In this modeling, we will try to find the best method. There are some emthods or model that we would build and tested which are :
1. **Linear Regression** 
2. **Logistic Regression**
3. **Gaussian Naive-Bayes**
4. **K-Neighbors Classifier**
5. **Support Vector Classifier**
6. **Decision Tree Classifier**
7. **Ada Boost Classifier**
8. **Random Forest Classifier**

In [None]:
from sklearn.preprocessing import LabelEncoder, MinMaxScaler, OneHotEncoder
from sklearn.model_selection import train_test_split

y_values = train['>50k']
x_values = train.drop(['>50k', 'salary'], axis=1)

cat_cols = [c for c in x_values.columns if x_values[c].dtype == 'O'] 
num_cols = [c for c in x_values.columns if c not in cat_cols]

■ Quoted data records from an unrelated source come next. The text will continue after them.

(* (1) The natural numbers $n$ (identified with the sets $[n]$) as objects, together with the Kleisli arrows $f:[m]\to T([n])$ that satisfy the realizability condition, form a subcategory of the Kleisli category $\mathrm{Kl}(T)$ of the play monad; this subcategory is $\mathbb S^{\mathbb P}_r$ (its composition being the composition of $\mathbb S^{\mathbb P}_r$). (2) $\mathbb S^{\mathbb P}_r$ inherits from $\mathrm{Kl}(T)$ the symmetric monoidal structure whose monoidal product is the coproduct.
   Context: Notation: $[k]=\{1,\dots,k\}$. The play monad $(T,\eta,\mu)$ on $\mathbf{Set}$: $T(X)=X+\mathbb R\times X+\{\exists^*\}+\{\forall^*\}$, with $T(g)$ acting by $x\mapsto g(x)$, $(r,x)\mapsto(r,g(x))$, fixing $\exists^*,\forall^*$; $\eta_X(x)=x$; $\mu_X:T(T(X))\to T(X)$ sends elements of the first summand $T(X)$ to themselves, $\exists^*\mapsto\exists^*$, $\forall^*\mapsto\forall^*$, and on $\mathbb R\times T(X)$: $(r,x)\mapsto(r,x)$ for $x\in X$, $(r,(q,x))\mapsto(r+q,x)$, $(r,\exists^* )\mapsto\exists^*$, $(r,\forall^* )\mapsto\forall^*$. $\mathrm{Kl}(T)$ has sets as objects and functions $X\to T(Y)$ as arrows $X\to Y$, with Kleisli composition. Realizability condition for $f:[m]\to T([n])$: if $f(i)=k\in[n]$ then for every $j\in[m]\setminus\{i\}$, $f(j)\ne k$ and $f(j)\ne(r,k)$ for all $r\in\mathbb R$. $\mathbb S^{\mathbb P}_r$: objects natural numbers; arrows $m\to n$ are functions $f:[m]\to T([n])$ satisfying realizability; composition of $f:m\to l$, $g:l\to n$ (diagrammatic): $(f;g)(i)=f(i)$ if $f(i)\in\{\exists^*,\forall^*\}$; $g(j)$ if $f(i)=j\in[l]$; $g(j)$ if $f(i)=(r,j)$ and $g(j)\in\{\exists^*,\forall^*\}$; $(r,k)$ if $f(i)=(r,j)$, $g(j)=k\in[n]$; $(r+r',k)$ if $f(i)=(r,j)$, $g(j)=(r',k)$; identity $i\mapsto i$. Coproducts $[m]+[k]$ are identified with $[m+k]$ in the standard way. *)

From Stdlib Require Import Reals.
From mathcomp Require Import all_boot.
Set Implicit Arguments. Unset Strict Implicit. Unset Printing Implicit Defensive.

Inductive play (X : Type) : Type :=
| Pure : X -> play X
| Pay  : R -> X -> play X
| ExStar : play X
| AllStar : play X.
Arguments ExStar {X}. Arguments AllStar {X}.

Definition Tmap {X Y : Type} (g : X -> Y) (t : play X) : play Y :=
  match t with
  | Pure x => Pure (g x)
  | Pay r x => Pay r (g x)
  | ExStar => ExStar
  | AllStar => AllStar
  end.

Definition eta {X : Type} (x : X) : play X := Pure x.

Definition mu {X : Type} (t : play (play X)) : play X :=
  match t with
  | Pure u => u
  | Pay r (Pure x) => Pay r x
  | Pay r (Pay q x) => Pay (Rplus r q) x
  | Pay _ ExStar => ExStar
  | Pay _ AllStar => AllStar
  | ExStar => ExStar
  | AllStar => AllStar
  end.

Definition kcomp {X Y Z : Type} (f : X -> play Y) (g : Y -> play Z) : X -> play Z :=
  fun x => mu (Tmap g (f x)).

Definition realizable {X Y : Type} (f : X -> play Y) : Prop :=
  forall i k, f i = Pure k ->
    forall j, j <> i -> f j <> Pure k /\ (forall r, f j <> Pay r k).

(* The composition of S^P_r, as given by its case table *)
Definition scomp {m l n : nat} (f : 'I_m -> play 'I_l) (g : 'I_l -> play 'I_n)
  : 'I_m -> play 'I_n :=
  fun i =>
    match f i with
    | ExStar => ExStar
    | AllStar => AllStar
    | Pure j => g j
    | Pay r j =>
        match g j with
        | ExStar => ExStar
        | AllStar => AllStar
        | Pure k => Pay r k
        | Pay r' k => Pay (Rplus r r') k
        end
    end.

Definition sid (n : nat) : 'I_n -> play 'I_n := fun i => Pure i.

(* Coproduct monoidal product in Kl(T), transported along [m]+[k] = [m+k]
   (split / unsplit of fintype). *)
Definition tensor {m m' k k' : nat} (f : 'I_m -> play 'I_m') (g : 'I_k -> play 'I_k')
  : 'I_(m + k) -> play 'I_(m' + k') :=
  fun i => match split i with
           | inl a => Tmap (@lshift m' k') (f a)
           | inr b => Tmap (@rshift m' k') (g b)
           end.

(* Structural isomorphisms of the cocartesian structure on sets, transported
   along the identification; in Kl(T) they are eta o (these bijections). *)
Definition assoc_ord (m k l : nat) (i : 'I_(m + k + l)) : 'I_(m + (k + l)) :=
  match split i with
  | inl j => match split j with
             | inl a => lshift (k + l) a
             | inr b => rshift m (lshift l b)
             end
  | inr c => rshift m (rshift k c)
  end.

Definition assoc_inv_ord (m k l : nat) (i : 'I_(m + (k + l))) : 'I_(m + k + l) :=
  match split i with
  | inl a => lshift l (lshift k a)
  | inr j => match split j with
             | inl b => lshift l (rshift m b)
             | inr c => rshift (m + k) c
             end
  end.

Definition lunit_ord (m : nat) (i : 'I_(0 + m)) : 'I_m := cast_ord (add0n m) i.
Definition lunit_inv_ord (m : nat) (i : 'I_m) : 'I_(0 + m) := cast_ord (esym (add0n m)) i.
Definition runit_ord (m : nat) (i : 'I_(m + 0)) : 'I_m := cast_ord (addn0 m) i.
Definition runit_inv_ord (m : nat) (i : 'I_m) : 'I_(m + 0) := cast_ord (esym (addn0 m)) i.

Definition braid_ord (m k : nat) (i : 'I_(m + k)) : 'I_(k + m) :=
  match split i with
  | inl a => rshift k a
  | inr b => lshift m b
  end.

Arguments sid n i : clear implicits.
Arguments assoc_ord m k l i : clear implicits.
Arguments assoc_inv_ord m k l i : clear implicits.
Arguments lunit_ord m i : clear implicits.
Arguments lunit_inv_ord m i : clear implicits.
Arguments runit_ord m i : clear implicits.
Arguments runit_inv_ord m i : clear implicits.
Arguments braid_ord m k i : clear implicits.

(* Forgetting payoffs, an element of T(X) either lands on a position x in X
   or on one of the stars; this map T -> option is a monad morphism.  In its
   terms realizability says that a position reached purely by f from i is
   reached by f from no other j, and this property is preserved by Kleisli
   composition, by the coproduct of arrows and by reindexing along
   injections.  The structural isomorphisms of the coproduct monoidal
   structure are eta composed with bijections, hence realizable. *)

From Stdlib Require Import Reals.
From mathcomp Require Import all_boot.

Definition target {X : Type} (t : play X) : option X :=
  match t with
  | Pure x | Pay _ x => Some x
  | ExStar | AllStar => None
  end.

Lemma target_Tmap (X Y : Type) (h : X -> Y) (t : play X) :
  target (Tmap h t) = omap h (target t).
Proof. by case: t. Qed.

Lemma target_kcomp (X Y Z : Type) (f : X -> play Y) (g : Y -> play Z) (x : X) :
  target (kcomp f g x) = obind (fun y => target (g y)) (target (f x)).
Proof. by rewrite /kcomp; case: (f x) => [y|r y||] //=; case: (g y). Qed.

Lemma Tmap_Pure {X Y : Type} {h : X -> Y} {t : play X} {y : Y} :
  Tmap h t = Pure y -> exists2 x, t = Pure x & y = h x.
Proof. by case: t => //= x [<-]; exists x. Qed.

Lemma kcomp_Pure {X Y Z : Type}
    {f : X -> play Y} {g : Y -> play Z} {x : X} {z : Z} :
  kcomp f g x = Pure z -> exists2 y, f x = Pure y & g y = Pure z.
Proof.
by rewrite /kcomp; case: (f x) => [y|r y||] //=; [exists y | case: (g y)].
Qed.

Lemma kcompE (m l n : nat) (f : 'I_m -> play 'I_l) (g : 'I_l -> play 'I_n) :
  kcomp f g =1 scomp f g.
Proof. by move=> i; rewrite /kcomp /scomp; case: (f i). Qed.

Lemma realizableP {X : eqType} {Y : Type} (f : X -> play Y) :
  realizable f <->
  (forall i j k, f i = Pure k -> target (f j) = Some k -> j = i).
Proof.
split=> [fR i j k fi fj | fR i k fi j ji].
  have [// | /eqP /(fR _ _ fi) [notPure notPay]] := eqVneq j i; exfalso.
  by move: fj; case: (f j) notPure notPay => //= [y|r y] notPure notPay [yk];
    [apply: notPure | apply: (notPay r)]; rewrite yk.
by split=> [fj | r fj]; apply: ji; apply: (fR i j k fi); rewrite fj.
Qed.

Lemma realizable_eq {X Y : Type} (f g : X -> play Y) :
  f =1 g -> realizable f -> realizable g.
Proof.
by move=> fg fR i k; rewrite -fg => /fR gR j /gR; rewrite -!fg.
Qed.

Lemma realizable_eta_inj (X Y : Type) (h : X -> Y) :
  injective h -> realizable (fun x => eta (h x)).
Proof. by move=> hI i k [<-] j ji; split=> // [[/hI]]. Qed.

Lemma realizable_kcomp (X Y : eqType) (Z : Type)
    (f : X -> play Y) (g : Y -> play Z) :
  realizable f -> realizable g -> realizable (kcomp f g).
Proof.
move=> /(realizableP f) fR /(realizableP g) gR.
apply/realizableP => i j k /kcomp_Pure[y fi gy].
rewrite target_kcomp; case fj: (target (f j)) => [y'|] //= gy'.
by apply: (fR _ _ y fi); rewrite fj (gR _ _ _ gy gy').
Qed.

Lemma realizable_comp_inj (X X' Y : Type) (f : X -> play Y) (h : X' -> X) :
  injective h -> realizable f -> realizable (fun x => f (h x)).
Proof. by move=> hI fR i k /fR fiR j ji; apply: fiR => /hI. Qed.

Lemma realizable_Tmap_inj (X : eqType) (Y Y' : Type)
    (f : X -> play Y) (h : Y -> Y') :
  injective h -> realizable f -> realizable (fun x => Tmap h (f x)).
Proof.
move=> hI /(realizableP f) fR; apply/realizableP => i j k /Tmap_Pure[y fi ->].
rewrite target_Tmap.
case: (target (f j)) (fR i j y fi) => //= y' jR [/hI yy].
by apply: jR; rewrite yy.
Qed.

Definition sum_tensor {X X' Y Y' : Type}
    (f : X -> play Y) (g : X' -> play Y') (s : X + X') : play (Y + Y') :=
  match s with
  | inl x => Tmap inl (f x)
  | inr x' => Tmap inr (g x')
  end.

Lemma realizable_sum_tensor (X X' : eqType) (Y Y' : Type)
    (f : X -> play Y) (g : X' -> play Y') :
  realizable f -> realizable g -> realizable (sum_tensor f g).
Proof.
move=> /(realizableP f) fR /(realizableP g) gR; apply/realizableP.
case=> [x|x'] [y|y'] k /Tmap_Pure[z fz ->]; rewrite /= target_Tmap;
  [case: (target (f y)) (fR x y z fz) | case: (target (g y')) |
   case: (target (f y)) | case: (target (g y')) (gR x' y' z fz)] => //=.
- by move=> a jR [az]; rewrite (jR (congr1 Some az)).
- by move=> a jR [az]; rewrite (jR (congr1 Some az)).
Qed.

Lemma tensorE {m m' k k' : nat}
    (f : 'I_m -> play 'I_m') (g : 'I_k -> play 'I_k') :
  tensor f g =1 fun i => Tmap unsplit (sum_tensor f g (split i)).
Proof.
by move=> i; rewrite /tensor; case: (split i) => [a|b] /=;
  [case: (f a) | case: (g b)].
Qed.

Lemma realizable_tensor (m m' k k' : nat)
    (f : 'I_m -> play 'I_m') (g : 'I_k -> play 'I_k') :
  realizable f -> realizable g -> realizable (tensor f g).
Proof.
move=> fR gR; apply: realizable_eq (fsym (tensorE f g)) _.
apply: realizable_Tmap_inj (can_inj unsplitK) _.
apply: realizable_comp_inj (can_inj splitK) _.
exact: realizable_sum_tensor.
Qed.

Lemma ord_inj_of_val_eq (n p : nat) (h : 'I_n -> 'I_p) :
  (forall i, h i = i :> nat) -> injective h.
Proof.
by move=> hval i j /(congr1 (@nat_of_ord p)); rewrite !hval => /val_inj.
Qed.

Lemma val_assoc_ord (m k l : nat) (i : 'I_(m + k + l)) :
  assoc_ord m k l i = i :> nat.
Proof.
rewrite /assoc_ord; case: splitP => [j ->|c ->]; last by rewrite /= addnA.
by case: splitP => [a ->|b ->].
Qed.

Lemma val_assoc_inv_ord (m k l : nat) (i : 'I_(m + (k + l))) :
  assoc_inv_ord m k l i = i :> nat.
Proof.
rewrite /assoc_inv_ord; case: splitP => [a ->|j ->] //=.
by case: splitP => [b ->|c ->] //=; rewrite addnA.
Qed.

Lemma braid_ordK (m k : nat) : cancel (braid_ord m k) (braid_ord k m).
Proof.
move=> i; rewrite /braid_ord; case: (split_ordP i) => [a|b] ->.
  by rewrite (unsplitK (inr a)).
by rewrite (unsplitK (inl b)).
Qed.

Theorem propositionB2 :
  (* (1) subcategory of Kl(T): identities and composites of realizable arrows
     are realizable, and the Kleisli identity/composition are those of S^P_r *)
  (forall n : nat, realizable (@eta 'I_n) /\ (forall i : 'I_n, eta i = sid n i)) /\
  (forall (m l n : nat) (f : 'I_m -> play 'I_l) (g : 'I_l -> play 'I_n),
      realizable f -> realizable g ->
      realizable (kcomp f g) /\ (forall i, kcomp f g i = scomp f g i)) /\
  (* (2) closure under the coproduct monoidal structure of Kl(T) *)
  (forall (m m' k k' : nat) (f : 'I_m -> play 'I_m') (g : 'I_k -> play 'I_k'),
      realizable f -> realizable g -> realizable (tensor f g)) /\
  (forall m k l : nat,
      realizable (fun i => eta (assoc_ord m k l i)) /\
      realizable (fun i => eta (assoc_inv_ord m k l i))) /\
  (forall m : nat,
      realizable (fun i => eta (lunit_ord m i)) /\
      realizable (fun i => eta (lunit_inv_ord m i)) /\
      realizable (fun i => eta (runit_ord m i)) /\
      realizable (fun i => eta (runit_inv_ord m i))) /\
  (forall m k : nat, realizable (fun i => eta (braid_ord m k i))).
Proof.
split; first by move=> n; split=> //; exact: realizable_eta_inj (@inj_id 'I_n).
split.
  move=> m l n f g fR gR; split; [exact: realizable_kcomp | exact: kcompE].
split; first exact: realizable_tensor.
split.
  by move=> m k l; split; apply/realizable_eta_inj/ord_inj_of_val_eq;
    [exact: val_assoc_ord | exact: val_assoc_inv_ord].
split.
  by move=> m; split; [|split; [|split]];
    apply: realizable_eta_inj; exact: cast_ord_inj.
by move=> m k; apply/realizable_eta_inj/(can_inj (braid_ordK m k)).
Qed.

x_train, x_valid, y_train, y_valid = train_test_split(x_values, y_values, test_size=0.3)

In [None]:
workclass_le = LabelEncoder()
education_le = LabelEncoder()
marital_status_le = LabelEncoder()
occupation_le = LabelEncoder()
relationship_le = LabelEncoder()
race_le = LabelEncoder()
sex_le = LabelEncoder()
native_country_le = LabelEncoder()

cat_cols_var = [workclass_le, education_le, marital_status_le, 
                occupation_le, relationship_le, race_le, 
                sex_le, native_country_le]

cat_train_transformed = pd.DataFrame()
for i, c in zip(cat_cols, cat_cols_var):
    add = c.fit_transform(x_train[i]).reshape(-1, 1)
    add = pd.DataFrame(add, columns=[i])
    cat_train_transformed = pd.concat([cat_train_transformed, add], axis=1)
    
cat_valid_transformed = pd.DataFrame()
for i, c in zip(cat_cols, cat_cols_var):
    add = c.transform(x_valid[i]).reshape(-1, 1)
    add = pd.DataFrame(add, columns=[i])
    cat_valid_transformed = pd.concat([cat_valid_transformed, add], axis=1)
    
num_train = x_train[num_cols]
num_valid = x_valid[num_cols]
num_transformer = MinMaxScaler()

num_train_transformed = pd.DataFrame(num_transformer.fit_transform(num_train), columns=num_cols)
num_valid_transformed = pd.DataFrame(num_transformer.transform(num_valid), columns=num_cols)

x_train_transformed = pd.concat([cat_train_transformed, num_train_transformed], axis=1)
x_valid_transformed = pd.concat([cat_valid_transformed, num_valid_transformed], axis=1)

In [None]:
from sklearn.linear_model import LinearRegression, LogisticRegression
from sklearn.naive_bayes import GaussianNB
from sklearn.neighbors import KNeighborsClassifier
from sklearn.svm import SVC
from sklearn.tree import DecisionTreeClassifier
from sklearn.ensemble import AdaBoostClassifier, RandomForestClassifier

model = [LinearRegression(), LogisticRegression(), GaussianNB(), 
         KNeighborsClassifier(), SVC(), DecisionTreeClassifier(), 
         AdaBoostClassifier(), RandomForestClassifier()]
model_names = ['Linear Regression', 'Logistic Regression', 'Gaussian Naive-Bayes', 
               'K-Neighbors Classifier', 'Support Vector Classifier', 'Decision Tree Classifier', 
               'Ada Boost Classifier', 'Random Forest Classifier']
scores = np.zeros(len(model)).reshape(-1, 1)

for i, m in enumerate(model):
    clf = m.fit(x_train_transformed, y_train)
    scores[i] = clf.score(x_valid_transformed, y_valid)
    
the_scores = pd.DataFrame(scores, index=model_names, columns=['score'])

In [None]:
the_scores

In [None]:
from sklearn.model_selection import GridSearchCV

ab = AdaBoostClassifier()
parameters = {'n_estimators':[50, 80, 100, 130, 150, 200], 'learning_rate':[0.1, 0.5, 1, 1.2, 1.5, 2]}
clf = GridSearchCV(ab, parameters)
clf.fit(x_train_transformed, y_train)

In [None]:
AdaBoostClassifier().get_params().keys()

In [None]:
clf.cv_results_

In [None]:
clf.get_params

In [None]:
clf = AdaBoostClassifier(n_estimators=120, learning_rate=1).fit(x_train_transformed, y_train)
s = clf.score(x_valid_transformed, y_valid)
s

The best model that we can get here is **Ada Boost Classifier** with the parameter :
1. n_estimator = 120
2. learning_rate = 1

From this model we can get the accuracy of 86.28%.

# Conclusion
1. There are many factors contributing to how much wage a worker will get, from education to expererience
2. Jobs with the most workers to be paid more than 50 thousands dollars are **Executive Managerial** and **Professional**.
3. The best prediction model we can find is Ada Boost Classifier with the parameters: (*n_estimator* = 120, *learning_rate* = 1).